■ **Your instructions**: Note the line where "Section OrthogonalComplement." appears in the data below; write it out exactly, along with every line that comes after it to the end.

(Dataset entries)
-----

Lemma cross_basisE (a b k : 'I_7) :
  cross_basis F a b k 0 = (oriented a b k)%:R - (oriented b a k)%:R.
Proof.
rewrite -!fano_countE /cross_basis summxE /fano_count !big_mkord !natr_sum -sumrB.
apply: eq_bigr => i _; rewrite !mxE !andbT !eq_inord ?ltn_pmod // !natrD !natrM; ring.
Qed.

Lemma crossE x y k : cross x y k 0 =
  \sum_(a < 7) \sum_(b < 7) x a 0 * y b 0 * ((oriented a b k)%:R - (oriented b a k)%:R).
Proof.
rewrite summxE; apply: eq_bigr => a _; rewrite summxE; apply: eq_bigr => b _.
by rewrite mxE cross_basisE.
Qed.

Lemma cross_coord0 x y : cross x y o0 0 =
    (x o1 0 * y o3 0 - x o3 0 * y o1 0) + (x o2 0 * y o6 0 - x o6 0 * y o2 0)
  + (x o4 0 * y o5 0 - x o5 0 * y o4 0).
Proof. by rewrite crossE !big_ord7 /=; ring. Qed.

Lemma cross_coord1 x y : cross x y o1 0 =
    (x o2 0 * y o4 0 - x o4 0 * y o2 0) + (x o3 0 * y o0 0 - x o0 0 * y o3 0)
  + (x o5 0 * y o6 0 - x o6 0 * y o5 0).
Proof. by rewrite crossE !big_ord7 /=; ring. Qed.

Lemma cross_coord2 x y : cross x y o2 0 =
    (x o3 0 * y o5 0 - x o5 0 * y o3 0) + (x o4 0 * y o1 0 - x o1 0 * y o4 0)
  + (x o6 0 * y o0 0 - x o0 0 * y o6 0).
Proof. by rewrite crossE !big_ord7 /=; ring. Qed.

Lemma cross_coord3 x y : cross x y o3 0 =
    (x o4 0 * y o6 0 - x o6 0 * y o4 0) + (x o5 0 * y o2 0 - x o2 0 * y o5 0)
  + (x o0 0 * y o1 0 - x o1 0 * y o0 0).
Proof. by rewrite crossE !big_ord7 /=; ring. Qed.

Lemma cross_coord4 x y : cross x y o4 0 =
    (x o5 0 * y o0 0 - x o0 0 * y o5 0) + (x o6 0 * y o3 0 - x o3 0 * y o6 0)
  + (x o1 0 * y o2 0 - x o2 0 * y o1 0).
Proof. by rewrite crossE !big_ord7 /=; ring. Qed.

Lemma cross_coord5 x y : cross x y o5 0 =
    (x o6 0 * y o1 0 - x o1 0 * y o6 0) + (x o0 0 * y o4 0 - x o4 0 * y o0 0)
  + (x o2 0 * y o3 0 - x o3 0 * y o2 0).
Proof. by rewrite crossE !big_ord7 /=; ring. Qed.

Lemma cross_coord6 x y : cross x y o6 0 =
    (x o0 0 * y o2 0 - x o2 0 * y o0 0) + (x o1 0 * y o5 0 - x o5 0 * y o1 0)
  + (x o3 0 * y o4 0 - x o4 0 * y o3 0).
Proof. by rewrite crossE !big_ord7 /=; ring. Qed.

End CrossCoordinates.

Local Ltac cross_by_coords :=
  apply/colP; apply: ord7_ind;
  rewrite !(mxE, cross_coord0, cross_coord1, cross_coord2, cross_coord3,
            cross_coord4, cross_coord5, cross_coord6); ring.

Section CrossAlgebra.
Variable F : fieldType.
Implicit Types x y z : 'cV[F]_7.

Lemma crossC x y : cross x y = - cross y x. Proof. by cross_by_coords. Qed.
Lemma crossDl x y z : cross (x + y) z = cross x z + cross y z. Proof. by cross_by_coords. Qed.
Lemma crossDr x y z : cross x (y + z) = cross x y + cross x z. Proof. by cross_by_coords. Qed.
Lemma crossZl k x y : cross (k *: x) y = k *: cross x y. Proof. by cross_by_coords. Qed.
Lemma crossZr k x y : cross x (k *: y) = k *: cross x y. Proof. by cross_by_coords. Qed.
Lemma crossNl x y : cross (- x) y = - cross x y. Proof. by cross_by_coords. Qed.
Lemma crossNr x y : cross x (- y) = - cross x y. Proof. by cross_by_coords. Qed.
Lemma cross0r x : cross x 0 = 0. Proof. by cross_by_coords. Qed.
Lemma crossxx x : cross x x = 0. Proof. by cross_by_coords. Qed.

End CrossAlgebra.

Section Dot.
Variable R : realType.
Implicit Types x y z : 'cV[R]_7.

Lemma dotC x y : dot x y = dot y x.
Proof. by apply: eq_bigr => i _; rewrite mulrC. Qed.

Lemma dotDl x y z : dot (x + y) z = dot x z + dot y z.
Proof. by rewrite /dot -big_split; apply: eq_bigr => i _; rewrite mxE mulrDl. Qed.

Lemma dotZl k x y : dot (k *: x) y = k * dot x y.
Proof. by rewrite /dot mulr_sumr; apply: eq_bigr => i _; rewrite mxE mulrA. Qed.

Lemma dot0l x : dot 0 x = 0.
Proof. by rewrite /dot big1 // => i _; rewrite mxE mul0r. Qed.

Lemma dot_suml I (r : seq I) (P : pred I) (G : I -> 'cV[R]_7) y :
  dot (\sum_(i <- r | P i) G i) y = \sum_(i <- r | P i) dot (G i) y.
Proof. exact: (big_morph (fun u => dot u y) (fun a b => dotDl a b y) (dot0l y)). Qed.

Lemma dot_eq0 x : (dot x x == 0) = (x == 0).
Proof.
apply/idP/eqP => [/eqP x0|->]; last by rewrite dot0l.
apply/colP => i; rewrite mxE; apply/eqP; rewrite -sqrf_eq0.
by move/eqP: x0; rewrite psumr_eq0 => [/allP/(_ i (mem_index_enum i))|k _]; rewrite ?sqr_ge0.
Qed.

Local Ltac dot_by_coords :=
  rewrite /dot ?big_ord7 !(mxE, cross_coord0, cross_coord1, cross_coord2, cross_coord3,
            cross_coord4, cross_coord5, cross_coord6); ring.

Lemma dot_cross x y z : dot (cross x y) z = dot x (cross y z). Proof. by dot_by_coords. Qed.
Lemma dot_crossr x y : dot y (cross x y) = 0. Proof. by dot_by_coords. Qed.
Lemma double_cross x y : cross x (cross x y) = dot x y *: x - dot x x *: y.
Proof. by apply/colP; apply: ord7_ind; dot_by_coords. Qed.

End Dot.

Section OrthogonalComplement.
Variables (R : realType) (V : {vspace 'cV[R]_7}).

Definition basis_rows : 'M[R]_(\dim V, 7) := \matrix_(i, j) (vbasis V)`_i j 0.

Definition basis_dots : 'Hom('cV[R]_7, 'cV[R]_(\dim V)) := linfun (mulmx basis_rows).

Definition perpv : {vspace 'cV[R]_7} := lker basis_dots.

-----

■ **Solution**:
Section OrthogonalComplement.
Variables (R : realType) (V : {vspace 'cV[R]_7}).

Definition basis_rows : 'M[R]_(\dim V, 7) := \matrix_(i, j) (vbasis V)`_i j 0.

Definition basis_dots : 'Hom('cV[R]_7, 'cV[R]_(\dim V)) := linfun (mulmx basis_rows).

Definition perpv : {vspace 'cV[R]_7} := lker basis_dots.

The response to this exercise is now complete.